Eugene A.Rosa is the Edward R.Meyer Distinguished Professor of Natural Resource and Environmental Policy in the Thomas S.Foley Institute for Public Policy and Public Service and chair of the Department of Sociology at Washington State University. Dr. Rosa’s research program has focused on environmental topics (particularly energy, technology, and risk issues) with attention to both theoretical and policy concerns. He has investigated public opinions and attitudes toward nuclear power, policies, and waste. Dr. Rosa has published several books and articles on the public perception of risk. He is a member of a variety of professional organizations, including the Society for Risk Analysis, American Sociological Association, Society for Human Ecology, Society for the Social Studies of Science, and the American Association for the Advancement of Science. Dr. Rosa received his M.A. and Ph.D. in social science from the Maxwell Graduate School of Syracuse University. He completed his postgraduate work in neuro-biobehavioral sciences and energy studies at Stanford University.
Atsuyuki Suzuki is a professor of nuclear engineering at the Department of Quantum Engineering and Systems Science, and chair of the Security Management Laboratory at the Graduate School of Engineering, University of Tokyo.
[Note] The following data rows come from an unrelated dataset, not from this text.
(* Let $\phi_1,\phi_2\colon\mathbb{R}\to[0,\infty)$ be continuous probability density functions such that $I_1=\{x:\phi_1(x)>0\}=(a_1,b_1)$ and $I_2=\{y:\phi_2(y)>0\}=(a_2,b_2)$ are bounded open intervals, with $a_1=0$. Let $F_1,F_2$ be the corresponding cumulative distribution functions, and define $K\colon[a_1,b_1]\to[a_2,b_2]$ by $K(x)=F_2^{-1}(F_1(x))$, where $F_2^{-1}$ is the inverse of the continuous strictly increasing bijection $F_2\colon[a_2,b_2]\to[0,1]$. Let $q\colon\mathbb{R}\to[0,\infty)$ be uniformly continuous and Lebesgue integrable, and set $$V=\int_{I_1} x\,\frac{\phi_1(x)}{\phi_2(K(x))}\,q(K(x))\,dx .$$ For $n\ge 1$ and $k=0,1,\dots,n$ let $x^{(n)}_k\in[a_1,b_1]$ be the point with $F_1(x^{(n)}_k)=k/n$ (so $x^{(n)}_0=a_1$, $x^{(n)}_n=b_1$, and $\int_{x^{(n)}_k}^{x^{(n)}_{k+1}}\phi_1=1/n$), let $y^{(n)}_k=K(x^{(n)}_k)$, and define $$V_n=\sum_{k=0}^{n-1}\frac{x^{(n)}_{k+1}+x^{(n)}_k}{2}\int_{y^{(n)}_k}^{y^{(n)}_{k+1}}q(s)\,ds .$$ Then $V_n\to V$ as $n\to\infty$.
   Context: Financial interpretation (not needed for the claim): $\phi_1$ is the density of a one-step cash flow at horizon $T$, $\phi_2$ the density of the terminal value $S(T)$ of a traded benchmark security, $q$ the state price density of $S(T)$ (the second strike-derivative of the call price function), $V$ the value of the continuous portfolio of Arrow–Debreu securities replicating the cash flow distribution, and $V_n$ the value of the finite portfolio of cash-or-nothing calls approximating it. *)

From HB Require Import structures.
From mathcomp Require Import all_boot all_order all_algebra.
From mathcomp Require Import all_classical all_reals all_analysis.
Set Implicit Arguments. Unset Strict Implicit. Unset Printing Implicit Defensive.
Import Order.TTheory GRing.Theory Num.Theory.
Import numFieldNormedType.Exports.
Local Open Scope classical_set_scope.
Local Open Scope ring_scope.
(* The slim proof replays the given infinite proof P on sequents that may hold
   fewer copies of formulas.  A node of the new tree carries a sequent t and a
   node v of P whose sequent is covered by t: each of its antecedent (succedent)
   formulas occurs in the antecedent (succedent) of t, or is an implication (or,
   in the succedent, a box) whose relevant immediate subformulas are covered.
   If the principal formula of the rule at v is absent from t, that rule is
   skipped by moving to a premise that is still covered; this is never the right
   premise of (Box), so by the branch condition of P only finitely many rules are
   skipped in a row.  Otherwise the rule is applied to t itself, with Pi replaced
   by undup Pi in (Box), since Box (undup Pi) => A still covers Box Pi => A.
   Each branch of the new tree lifts to a branch of P whose right (Box) premises
   all come from rules applied in the new tree, so the branch condition
   transfers. *)

Lemma indom_aux_rcons P pre w i :
  indom_aux P pre (rcons w i) = indom_aux P pre w && (i < arity (rl P (pre ++ w))).
Proof.
elim: w pre => [|j w IH] pre /=; first by rewrite cats0 andbT.
by rewrite IH cat_rcons andbA.
Qed.

Lemma indom_rcons P w i : indom P (rcons w i) = indom P w && (i < arity (rl P w)).
Proof. exact: indom_aux_rcons. Qed.

Lemma indom_nth P u m : indom P u -> m < size u -> nth 0 u m < arity (rl P (take m u)).
Proof.
elim/last_ind: u m => [|v i IH] m //.
rewrite indom_rcons size_rcons ltnS => /andP[Hv Hi] Hm.
rewrite nth_rcons -cats1 takel_cat //.
case: (ltngtP m (size v)) Hm => // [Hlt _|-> _]; first exact: IH.
by rewrite take_size.
Qed.

Lemma prefix_take_nth (T : eqType) (x0 : T) (u w : seq T) m :
  prefix u w -> m < size u -> take m w = take m u /\ nth x0 w m = nth x0 u m.
Proof. by case/prefixP=> s -> Hm; rewrite takel_cat ?nth_cat ?Hm // ltnW. Qed.

Lemma perm_cat_uniq_subset (T : eqType) (u t : seq T) :
  uniq u -> {subset u <= t} -> exists G, perm_eq t (G ++ u).
Proof.
move=> u_uniq u_sub; set u' := [seq x <- undup t | x \in u].
have [G HG] := perm_to_subseq (subseq_trans (filter_subseq _ _) (undup_subseq t) : subseq u' t).
exists G; apply: perm_trans HG _.
rewrite perm_catC perm_cat2l uniq_perm ?filter_uniq ?undup_uniq // => x.
by rewrite mem_filter mem_undup andb_idr //; apply: u_sub.
Qed.

Lemma incr_segment (a : nat -> nat) : (forall k, a k < a k.+1) ->
  forall n m, a n <= m -> exists2 k, n <= k & a k <= m < a k.+1.
Proof.
move=> a_incr n m Hnm.
have le_a k : k <= a k by elim: k => // k IH; exact: leq_ltn_trans IH (a_incr k).
have exP : exists k, a k <= m by exists n.
have boundP k : a k <= m -> k <= m by move/(leq_trans (le_a k)).
case: (ex_maxnP exP boundP) => k Hk Hmax; exists k; first exact: Hmax.
by rewrite Hk ltnNge; apply/negP => /Hmax; rewrite ltnn.
Qed.

Section LimitBranch.
Variable V : nat -> seq nat.
Hypothesis V_prefix : forall n, prefix (V n) (V n.+1).
Hypothesis V_size : forall n, n < size (V n.+1).

Definition limit_branch m := nth 0 (V m.+1) m.

Lemma limit_branch_agree m N : m < size (V N) ->
  bpos limit_branch m = take m (V N) /\ limit_branch m = nth 0 (V N) m.
Proof.
have V_mono := homo_leq (@prefix_refl _) (@prefix_trans _) V_prefix.
have agree j : j < size (V N) -> limit_branch j = nth 0 (V N) j.
  move=> Hj; rewrite /limit_branch.
  case: (leqP j.+1 N) => HjN.
    by rewrite (proj2 (prefix_take_nth 0 (V_mono _ _ HjN) (V_size j))).
  by rewrite (proj2 (prefix_take_nth 0 (V_mono _ _ (ltnW HjN)) Hj)).
move=> Hm; split; last exact: agree.
apply: (@eq_from_nth _ 0); first by rewrite size_mkseq size_take Hm.
move=> j; rewrite size_mkseq => Hj.
by rewrite nth_mkseq // nth_take // agree // (ltn_trans Hj Hm).
Qed.

Lemma limit_branch_good P : inf_proof P -> (forall n, indom P (V n)) ->
  forall n, exists2 m, n <= m & forall N, m < size (V N) ->
    is_box (rl P (take m (V N))) /\ nth 0 (V N) m = 1.
Proof.
move=> [_ P_good] V_dom n.
have branch : inf_branch P limit_branch.
  move=> m; have [-> ->] := limit_branch_agree (V_size m).
  exact: indom_nth (V_dom _) (V_size m).
have [m [Hnm [Hbox H1]]] := P_good _ branch n.
by exists m => // N /limit_branch_agree [Eb Eg]; rewrite -Eb -Eg.
Qed.

End LimitBranch.

Fixpoint lcov (t : sequent) (F : form) {struct F} : bool :=
  (F \in t.1) || match F with Imp A B => rcov t A || lcov t B | _ => false end
with rcov (t : sequent) (F : form) {struct F} : bool :=
  (F \in t.2) ||
  match F with Imp A B => lcov t A && rcov t B | Box A => rcov t A | _ => false end.

Definition covers (t s : sequent) : bool := all (lcov t) s.1 && all (rcov t) s.2.

Lemma lcov_mem t F : F \in t.1 -> lcov t F.
Proof. by case: F => [|p|A B|A] /= ->. Qed.

Lemma rcov_mem t F : F \in t.2 -> rcov t F.
Proof. by case: F => [|p|A B|A] /= ->. Qed.

Lemma covers_subset t t' : {subset t.1 <= t'.1} -> {subset t.2 <= t'.2} -> covers t' t.
Proof.
move=> H1 H2; apply/andP; split; apply/allP => F HF.
- by apply: lcov_mem; apply: H1.
- by apply: rcov_mem; apply: H2.
Qed.

Lemma covers_refl t : covers t t.
Proof. exact: covers_subset. Qed.

Lemma covers_perm t s L1 L2 :
  perm_eq s.1 L1 -> perm_eq s.2 L2 -> covers t s = covers t (L1, L2).
Proof. by move=> P1 P2; rewrite /covers (perm_all _ P1) (perm_all _ P2). Qed.

Lemma covers_consl t F L1 L2 : covers t (F :: L1, L2) = lcov t F && covers t (L1, L2).
Proof. by rewrite /covers andbA. Qed.

Lemma covers_consr t F L1 L2 : covers t (L1, F :: L2) = rcov t F && covers t (L1, L2).
Proof. by rewrite /covers /= andbCA. Qed.

Lemma covers_mono t t' : covers t' t ->
  forall F, (lcov t F -> lcov t' F) /\ (rcov t F -> rcov t' F).
Proof.
case/andP=> /allP H1 /allP H2.
have {}H1 F : F \in t.1 -> lcov t' F by exact: H1.
have {}H2 F : F \in t.2 -> rcov t' F by exact: H2.
elim=> [|p|A [IHAl IHAr] B [IHBl IHBr]|A [_ IHr]] /=.
- by split=> /orP[H|//]; [exact: (H1 _ H)|exact: (H2 _ H)].
- by split=> /orP[H|//]; [exact: (H1 _ H)|exact: (H2 _ H)].
- split; case/orP=> [H|H].
  + exact: (H1 _ H).
  + by case/orP: H => [/IHAr|/IHBl] ->; rewrite !orbT.
  + exact: (H2 _ H).
  + by case/andP: H => /IHAl -> /IHBr ->; rewrite orbT.
- split; first by case/orP=> // H; exact: (H1 _ H).
  by case/orP=> [H|/IHr ->]; [exact: (H2 _ H)|rewrite orbT].
Qed.
(* Let $q$ be a rational number in $[0,1]$. Then there is an expression $q=\frac mn$ (with $m$ a nonnegative integer and $n$ a positive integer) where $n=2^rs$ with $s$ odd and $2^r\ge s-1$; and for any such expression, $\mathbb{Q}[C_n]$ contains a projection $e$ (i.e. $e=e^*=e^2$) with $\mathrm{tr}_{C_n}(e)=q$ and $ne\in\mathbb{Z}[C_n]$.
   Context: $C_n$ denotes a cyclic group of order $n$. For $a\in\mathbb{Q}[C_n]$, $\mathrm{tr}_{C_n}(a)$ is the coefficient of the identity element in $a$; the involution is $(\sum a_g g)^*=\sum \overline{a_g}g^{-1}$. *)

(* The group algebra Q[C_n] is modelled as the space of
   coefficient functions {ffun 'I_n -> rat}, where the ordinal k : 'I_n stands
   for g^k, g a fixed generator of the cyclic group C_n (so g^i g^j = g^((i+j) mod n)). *)
From HB Require Import structures.
From mathcomp Require Import all_boot all_order all_algebra.
Set Implicit Arguments. Unset Strict Implicit. Unset Printing Implicit Defensive.
Import Order.TTheory GRing.Theory Num.Theory.
Local Open Scope ring_scope.

Definition gmul (n : nat) (a b : {ffun 'I_n -> rat}) : {ffun 'I_n -> rat} :=
  [ffun k : 'I_n => \sum_(i < n) \sum_(j < n)
      (if ((i + j) %% n == k)%N then a i * b j else 0)].

(* involution: (sum a_g g)^* = sum conj(a_g) g^{-1}; conjugation is trivial
   on rationals, and (g^i)^{-1} = g^k with i + k = 0 mod n. *)
Definition gstar (n : nat) (a : {ffun 'I_n -> rat}) : {ffun 'I_n -> rat} :=
  [ffun k : 'I_n => \sum_(i < n) (if ((i + k) %% n == 0)%N then a i else 0)].

Definition gtr (n : nat) (a : {ffun 'I_n -> rat}) : rat :=
  \sum_(i < n | (i == 0 :> nat)) a i.

Definition gintegral (n : nat) (a : {ffun 'I_n -> rat}) : Prop :=
  forall i : 'I_n, exists z : int, a i = z%:~R.

Definition gscale (n : nat) (c : rat) (a : {ffun 'I_n -> rat}) : {ffun 'I_n -> rat} :=
  [ffun k : 'I_n => c * a k].

(* Let zeta be a primitive n-th root of unity. The maps a |-> a(zeta^t), t < n,
   are multiplicative and jointly injective on Q[C_n] (Fourier inversion), so an
   element all of whose values a(zeta^t) lie in {0, 1} is idempotent.  For d | n
   the average P_d = (d/n) sum_j g^(dj) over the subgroup generated by g^d takes
   the value [n | t d] at zeta^t, is self-adjoint, has trace d/n, and n P_d is
   integral.

   Write n = 2^r s with s odd and, for 0/1-sequences c, c' vanishing beyond r,
   put e = sum_(i <= r) (c_i - c_(i+1)) P_(2^i) + (c'_i - c'_(i+1)) (P_(2^i s) - P_(2^i)).
   At zeta^t, P_(2^i s) and P_(2^i) take the values [2^r | t 2^i] and
   [2^r | t 2^i][s | t]; the former is monotone in i, so the value of e
   telescopes to one entry of c (if s | t) or of c' (otherwise).
   The trace of e is (k + (s-1) k')/n with k = sum_i (c_i - c_(i+1)) 2^i, and
   every k <= 2^r arises this way; as 2^r >= s - 1, every m <= n splits as
   k + (s-1) k' with k, k' <= 2^r.  For the existence of such fractions, write
   the denominator of q as 2^a s and multiply numerator and denominator by 2^s. *)

From mathcomp Require Import all_boot all_algebra all_field.
From mathcomp Require Import ring zify.
Set Implicit Arguments. Unset Strict Implicit. Unset Printing Implicit Defensive.
Import GRing.Theory Num.Theory.
Local Open Scope ring_scope.

Lemma sum_expr_root1 (R : idomainType) (w : R) N :
  w ^+ N = 1 -> \sum_(i < N) w ^+ i = if w == 1 then N%:R else 0.
Proof.
case: eqP => [-> _ | /eqP w_neq1 wN1].
  by rewrite (eq_bigr (fun _ => 1)) ?sumr_const ?card_ord // => i _; rewrite expr1n.
have /eqP := subrX1 w N; rewrite wN1 subrr eq_sym mulf_eq0 subr_eq0.
by rewrite (negbTE w_neq1) => /eqP.
Qed.
(* In G o H, a vertex outside the layer {u_i} x H_i is at the same distance from every
   vertex of that layer, and two vertices of the layer are at distance min(d_{H_i}, 2),
   since u_i has a neighbour in G.  Hence a set S resolves the edges inside layer i iff its
   slice S_i is a local adjacency resolving set of H_i.  An edge between layers i and j is
   resolved by S_k for any layer k adjacent to exactly one of u_i, u_j, so only true twins
   u_i, u_j need care: their edges are resolved iff one of S_i, S_j is not contained in an
   open neighbourhood.  If H_i is in \mathcal{G}, every local adjacency basis lies in some
   N(v), and adding v to it gives an undominated resolving set; otherwise some basis is
   undominated.  So an optimal S is a basis in every layer, plus one vertex in the layer of
   each member of I except one per twin class. *)

From mathcomp Require Import all_boot.
Set Implicit Arguments. Unset Strict Implicit. Unset Printing Implicit Defensive.

Section FindIota.
Variable N : nat.

Lemma find_iota_spec (f : pred nat) :
  let k := find f (iota 0 N) in
  [/\ k <= N, k < N -> f k & forall j, j < k -> ~~ f j].
Proof.
move=> k; have kN : k <= N by rewrite -[N in _ <= N](size_iota 0) find_size.
split=> // [lt_kN | j lt_jk].
  have hasf : has f (iota 0 N) by rewrite has_find size_iota.
  by have := nth_find 0 hasf; rewrite nth_iota // add0n.
have := before_find 0 lt_jk.
by rewrite nth_iota ?add0n ?(leq_trans lt_jk) // => ->.
Qed.

Lemma find_iota_first (f : pred nat) k :
  k < N -> f k -> (forall j, j < k -> ~~ f j) -> find f (iota 0 N) = k.
Proof.
move=> lt_kN fk below_k; have [_ f_first below_first] := find_iota_spec f.
case: (ltngtP (find f (iota 0 N)) k) => // lt.
  by have := below_k _ lt; rewrite f_first // (ltn_trans lt).
by have := below_first _ lt; rewrite fk.
Qed.

Lemma find_iota_leq (f g : pred nat) :
  (forall j, g j -> exists2 i, i <= j & f i) ->
  find f (iota 0 N) <= find g (iota 0 N).
Proof.
move=> gf; have [le_fN _ below_f] := find_iota_spec f.
have [_ g_first _] := find_iota_spec g.
case: (ltnP (find g (iota 0 N)) N) => [lt_gN | le_Ng]; last exact: leq_trans le_fN le_Ng.
have [i le_ig fi] := gf _ (g_first lt_gN).
rewrite leqNgt; apply/negP => lt.
by have := below_f _ (leq_ltn_trans le_ig lt); rewrite fi.
Qed.

End FindIota.

Section Distance.
Variables (V : finType) (e : rel V).

Lemma walkbP k x y :
  reflect (exists p, [/\ size p = k, path e x p & last x p = y]) (walkb e k x y).
Proof.
apply: (iffP existsP) => [[p /andP[p_path /eqP p_last]] | [p [p_size p_path p_last]]].
  by exists p; rewrite size_tuple.
have p_size' : size p == k by apply/eqP.
by exists (Tuple p_size'); rewrite /= p_path p_last eqxx.
Qed.

Lemma walkb0 x y : walkb e 0 x y = (x == y).
Proof. by apply/walkbP/eqP => [[[|? ?] [// _ <-]] | <-]; last exists [::]. Qed.

Lemma walkb1 x y : walkb e 1 x y = e x y.
Proof.
apply/walkbP/idP => [[p [p_size p_path <-]] | xy]; last by exists [:: y]; rewrite /= xy.
by case: p p_size p_path => [|z []] //= _; rewrite andbT.
Qed.
Lemma nbhd_comparable_in : {in closed_nbhd e u &, forall x x', nbhd_comparable e x x'}.
Proof.
move=> x x' xN x'N; have [<-|xx'] := eqVneq x x'; first by rewrite /nbhd_comparable subxx.
have exx' := nbhd_clique xN x'N xx'.
apply/negPn/negP; rewrite negb_or => /andP[/subsetPn[p px px'] /subsetPn[q qx' qx]].
move: px' qx; rewrite !notin_closed_nbhd => /andP[px' x'p] /andP[qx xq].
have x_p : x != p by apply: (neq_of_sep (z := x')).
have x'_q : x' != q by apply: (neq_of_sep (z := x)).
have xp : e x p by move: px; rewrite inE eq_sym (negbTE x_p).
have x'q : e x' q by move: qx'; rewrite inE eq_sym (negbTE x'_q).
have outside y z : z \in closed_nbhd e u -> y != z -> ~~ e z y -> y \in ~: closed_nbhd e u.
  by move=> zN yz zy; rewrite in_setC; apply: contra zy => yN; apply: nbhd_clique.
have pq : e p q.
  apply: outside_clique (outside _ _ x'N px' x'p) (outside _ _ xN qx xq) _.
  exact: neq_of_sep xp xq.
by apply: noC4; apply: (induced_C4 (a := x) (b := p) (c := q) (d := x')).
Qed.

End MinimalClosedNbhd.

Lemma forbidden_free_co_chain : co_chain e.
Proof.
apply/co_chainP; case: (pickP (@predT T)) => [u0 _ | T0]; last first.
  by exists set0; split=> x; have := T0 x.
have [u _ u_min] := arg_minnP (fun x => #|closed_nbhd e x|) (isT : predT u0).
have {}u_min x : #|closed_nbhd e u| <= #|closed_nbhd e x| by apply: u_min.
exists (closed_nbhd e u); split.
- exact: nbhd_clique.
- exact: outside_clique.
- exact: nbhd_comparable_in.
Qed.

End ForbiddenFree.

End SimpleGraph.

Theorem theorem16 (T : finType) (e : rel T) :
  simple_graph e -> connected e ->
  ((~ induced_sub P5 e /\ ~ induced_sub C4 e /\ ~ induced_sub C5 e /\
    ~ induced_sub claw e /\ ~ induced_sub bull e) <-> co_chain e).
Proof.
move=> [e_sym e_irr] e_conn; split.
  by move=> [noP5 [noC4 [noC5 [noclaw nobull]]]]; apply: forbidden_free_co_chain.
by case/(co_chain_no_induced e_sym).
Qed.
Lemma reduction_support :
  X \in W -> V \in W -> F \subset sep X (negv Y) -> F \subset sep V (negv Y).
Proof.
move=> XW VW FXY; apply/subsetP => e eF; have eXY := subsetP FXY e eF.
have noIe U : U \in W -> U \notin Ie' X (negv Y) e.
  move=> UW; apply/negP => UIe.
  by have /setP/(_ U) := freeF eF; rewrite in_set0 in_setI in_setU UW UIe.
have [Ve | nzVe] := eqVneq (V e) Zero.
  by case/negP: (noIe V VW); apply/mem_Ie'.
have [sVX | nsVX] := boolP (e \in sep V X).
  (* eliminating [e] between [V] and [X] would produce a witness *)
  have [U UW] := W_eliminant VW XW sVX.
  by move/(Ie'_eq_off_sep (eq_off_sepC XYV)); rewrite Ie'C => UIe; case/negP: (noIe U UW).
by move: eXY nzVe nsVX; rewrite !sepE negvE sign_eqE; case: (V e); case: (X e); case: (Y e).
Qed.

End Reduction.

Lemma stab_eliminant X Y (F : {set E}) :
  X \in W -> Y \in W -> F \subset sep X (negv Y) ->
  (forall e, e \in F -> witnesses X Y e = set0) ->
  exists2 Z, Z \in comp_stab & {in F, forall e, Z e = Zero} /\ eq_off_sep X (negv Y) Z.
Proof.
have [n] := ubnP #|sep X (negv Y)|; elim: n => // n IHn in X Y F *.
rewrite ltnS => sizeXY XW YW FXY freeF.
have [free | ] := boolP [forall e in sep X (negv Y), witnesses X Y e == set0].
  exists (sumv X (negv Y)); first by apply: sumv_stab => // e /(forall_inP free)/eqP.
  split=> [e /(subsetP FXY) | f]; rewrite sumvE -sepE; first by move->.
  by move/negbTE->; rewrite compvE.
case/forall_inPn => e eXY /set0Pn[V]; rewrite inE => /andP[VW VXY].
wlog VIe : X Y F sizeXY XW YW FXY freeF eXY VXY / V \in Ie' X (negv Y) e.
  move=> XYcase; case/setUP: (VXY) => [|VIe]; first exact: XYcase.
  have [||||||||Z ZT [ZF YXZ]] := XYcase Y X F; rewrite 1?sep_negvC //.
  - by move=> f; rewrite witnessesC; apply: freeF.
  - by rewrite Ie'C [Ie' (negv Y) _ _]Ie'C setUC.
  - by rewrite Ie'C.
  exists (negv Z); first exact: comp_stabN.
  split=> [f /ZF | ]; first by rewrite negvE => ->.
  by have := eq_off_sepN YXZ; rewrite negvK; apply: eq_off_sepC.
have /mem_Ie'[Ve XYV] := VIe.
have ltVX : #|sep V (negv Y)| < #|sep X (negv Y)|.
  apply/proper_card/properP; split; first exact: sep_eq_off_sep XYV.
  by exists e; rewrite // sepE Ve.
have [||Z ZT [ZF VYZ]] := IHn V Y F (leq_trans ltVX sizeXY) VW YW.
- exact: (reduction_support XYV freeF XW VW FXY).
- exact: (reduction_free XYV freeF).
by exists Z => //; split=> //; apply: eq_off_sep_trans VYZ.
Qed.

Lemma W_comp X Y : X \in W -> Y \in W -> compv X Y \in W.
Proof.
move=> XW YW; have [||Z ZT [_ YXZ]] := stab_eliminant (F := set0) YW XW.
- exact: sub0set.
- by move=> e; rewrite inE.
by rewrite -(compv_eq_off_sep YXZ); apply: compv_stab.
Qed.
He has had extensive experience in advising the Japanese government on nuclear issues, and is currently serving as a commissioner of the Nuclear Safety Commission of Japan. Dr. Suzuki serves as a board member for a number of nonprofit organizations in Japan, such as the Nuclear Safety Research Association, Nuclear Material Control Center, and the Institute of Applied Energy, and is also an editor for a number of scientific journals, such as Nuclear Technology of the American Nuclear Society and Radioactive Waste Management and Environmental Restoration. Dr. Suzuki is a member of the Japanese Atomic Energy Society, the Society of Chemical Engineers, and the American Nuclear Society. He has published more than 20 books and more than 200 papers. Dr. Suzuki received his B.S., M.S., and Ph.D. degrees in nuclear engineering from the University of Tokyo.
Wendell Weart has had an extensive 25-year history with the Waste Isolation Pilot Plant as the project’s principal science advisor. Recently retired as a Sandia National Laboratories fellow, he has over 40 years of expertise in the fields of
geotechnical and radioactive waste management research. Dr. Weart’s research focused on the physical effects of underground explosions and on nuclear waste disposal in geologic media. He was a geophysicist with the Ballistics Research Laboratory and Sandia National Laboratories and manager of nuclear waste systems at Sandia before becoming a Sandia senior scientist and a Sandia fellow concentrating on nuclear waste disposal issues. He is a member of the American Association for the Advancement of Science and of the American Geophysical Union. Dr. Weart earned a B.A. from Cornell College in geology and mathematics and a Ph.D. in geophysics from the University of Wisconsin.